TRN1
TERRE NERE franco-grossolana, fase tipica
Serie diffusa in una piccola area (ex paludosa) posta nei pressi della confluenza tra i torrenti Colla e Josina. Pianura alluvionale recente, a forma leggermente depressa, compresa tra i 460 ed i 480 m s.l.m.. L’uso del suolo è soprattutto agrario, nelle aree meno umide e forestale (specie igrofile) in quelle con maggior ristagno idrico. Il substrato è formato da ghiaie e sabbie depositate prevalentemente dal torrente Colla. La pietrosità superficiale è spesso assente anche se sono a tratti evidenti lenti di ghiaie. Il suolo è stato riconosciuto nelle seguenti unità cartografiche: U0260, U0331, U0631.
Suoli profondi con una profondità utile all’approfondimento degli apparati radicali limitata dalla presenza di una scarsa disponibilità di ossigeno dovuta alle condizioni di idromorfia. La permeabilità è moderatamente lenta o moderatamente elevata, non essendo presenti orizzonti che la limitano; la falda è poco profonda, anche entro 1 metro in certi periodi dell’anno.

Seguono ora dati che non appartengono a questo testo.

Lemma infinitely_often_agree_block P B K :
  infinitely_often P -> exists k0, P k0 /\ (K <= k0)%nat /\
    infinitely_often (fun k => P k /\ agree_block B (s k) (s k0)).
Proof.
  intros HP.
  destruct (infinitely_often_agree_coords (list_prod (seq 0 B) (seq 0 B))
              (fun k => P k /\ (K <= k)%nat)) as [k0 [[Pk0 Hk0] Hio]].
  { intro K'; destruct (HP (Nat.max K K')) as [k [Hk Pk]].
    exists k; split; [lia | split; [exact Pk | lia]]. }
  exists k0; split; [exact Pk0 | split; [exact Hk0|]].
  intro K'; destruct (Hio K') as [k [Hk [[Pk _] Hcs]]].
  exists k; split; [exact Hk | split; [exact Pk|]].
  intros n Hn i Hi; apply (Hcs (n, i)), in_prod; apply in_seq; lia.
Qed.

Definition refine_pivot (j : nat) (P : infinite_index_set) :
  {k0 | proj1_sig P k0 /\ (j <= k0)%nat /\
        infinitely_often (fun k => proj1_sig P k /\ agree_block j (s k) (s k0))} :=
  constructive_indefinite_description _
    (infinitely_often_agree_block (proj1_sig P) j j (proj2_sig P)).

Fixpoint stage (j : nat) : infinite_index_set :=
  match j with
  | O => exist _ (fun _ => True) infinitely_often_True
  | S j' =>
      let r := refine_pivot j' (stage j') in
      exist _ (fun k => proj1_sig (stage j') k /\ agree_block j' (s k) (s (proj1_sig r)))
        (proj2 (proj2 (proj2_sig r)))
  end.

Definition pivot (j : nat) : nat := proj1_sig (refine_pivot j (stage j)).

Lemma pivot_in_stage j : proj1_sig (stage j) (pivot j).
Proof. exact (proj1 (proj2_sig (refine_pivot j (stage j)))). Qed.

Lemma pivot_ge j : (j <= pivot j)%nat.
Proof. exact (proj1 (proj2 (proj2_sig (refine_pivot j (stage j))))). Qed.

Lemma stage_agree_pivot j j' k :
  (j < j')%nat -> proj1_sig (stage j') k -> agree_block j (s k) (s (pivot j)).
Proof.
  induction j' as [|j' IH]; intros Hj Hk; [lia|]; destruct Hk as [Hk Hag].
  destruct (Nat.eq_dec j j') as [<- | Hne]; [exact Hag | apply IH; [lia | exact Hk]].
Qed.

Lemma exists_cluster_point : exists c, cluster_point s c.
Proof.
  exists (fun n i => s (pivot (S (n + i))) n i).
  intros B K; exists (pivot (B + B + K)); split; [pose proof (pivot_ge (B + B + K)); lia|].
  intros n Hn i Hi.
  apply (stage_agree_pivot (S (n + i)) (B + B + K)); [lia | apply pivot_in_stage | lia | lia].
Qed.

End Diagonal.

Lemma exists_cluster_point_seq {A} (HA : finite_type A) (s : nat -> nat -> A) :
  exists c, forall m K, exists k, (K <= k)%nat /\ agree m (s k) c.
Proof.
  destruct (exists_cluster_point (fun _ => A) (fun _ => HA) (fun k _ => s k)) as [c Hc].
  exists (c 0%nat); intros m K; destruct (Hc (S m) K) as [k [Hk Hkc]].
  exists k; split; [exact Hk | apply (agree_le (S m)); [lia | apply Hkc; lia]].
Qed.

(** * Uniform estimates on compact sets *)

Definition continuous_on {A A'} (Z : (nat -> A) -> Prop) (g : (nat -> A) -> nat -> A') : Prop :=
  forall y, Z y -> forall m, exists m', forall z, Z z -> agree m' y z -> agree m (g y) (g z).

Definition uniformly_continuous_on {A A'} (Z : (nat -> A) -> Prop)
    (g : (nat -> A) -> nat -> A') : Prop :=
  forall m, exists m', forall y z, Z y -> Z z -> agree m' y z -> agree m (g y) (g z).

Lemma closed_continuous_uniform {A A'} (HA : finite_type A) (Z : (nat -> A) -> Prop)
    (g : (nat -> A) -> nat -> A') :
  closed_set Z -> continuous_on Z g -> uniformly_continuous_on Z g.
Proof.
  intros HZ Hg m; apply NNPP; intro Hno.
  assert (Hbad : forall k, exists yz : (nat -> A) * (nat -> A), Z (fst yz) /\ Z (snd yz) /\
            agree k (fst yz) (snd yz) /\ ~ agree m (g (fst yz)) (g (snd yz))).
  { intro k; apply NNPP; intro Hk; apply Hno; exists k; intros y z Hy Hz Hyz.
    apply NNPP; intro Hm; apply Hk; exists (y, z); auto. }
  destruct (choice _ Hbad) as [yz Hyz].
  destruct (exists_cluster_point_seq HA (fun k => fst (yz k))) as [c Hc].
  assert (Zc : Z c).
  { apply HZ; intro m'; destruct (Hc m' 0%nat) as [k [_ Hk]].
    exists (fst (yz k)); split; [apply Hyz | exact Hk]. }
  destruct (Hg c Zc m) as [m0 Hm0].
  destruct (Hc m0 m0) as [k [Hk Hkc]].
  destruct (Hyz k) as [Zy [Zz [Hyz_k Hfar]]].
  apply Hfar, agree_trans with (g c).
  - apply agree_sym, Hm0; [exact Zy | apply agree_sym, Hkc].
  - apply Hm0; [exact Zz|].
    apply agree_trans with (fst (yz k)); [apply agree_sym, Hkc | apply (agree_le k); auto].
Qed.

Il topsoil è molto scuro, fortemente arricchito di sostanza organica, non ghiaioso ed a reazione prevalentemente acida; il subsoil, anch’esso acido, è formato in parte da un orizzonte sepolto, con alcune caratteristiche dell’epipedon histico, e da sabbie grigie ridotte. Il substrato ghiaioso inalterato è presente a circa 1 metro di profondità.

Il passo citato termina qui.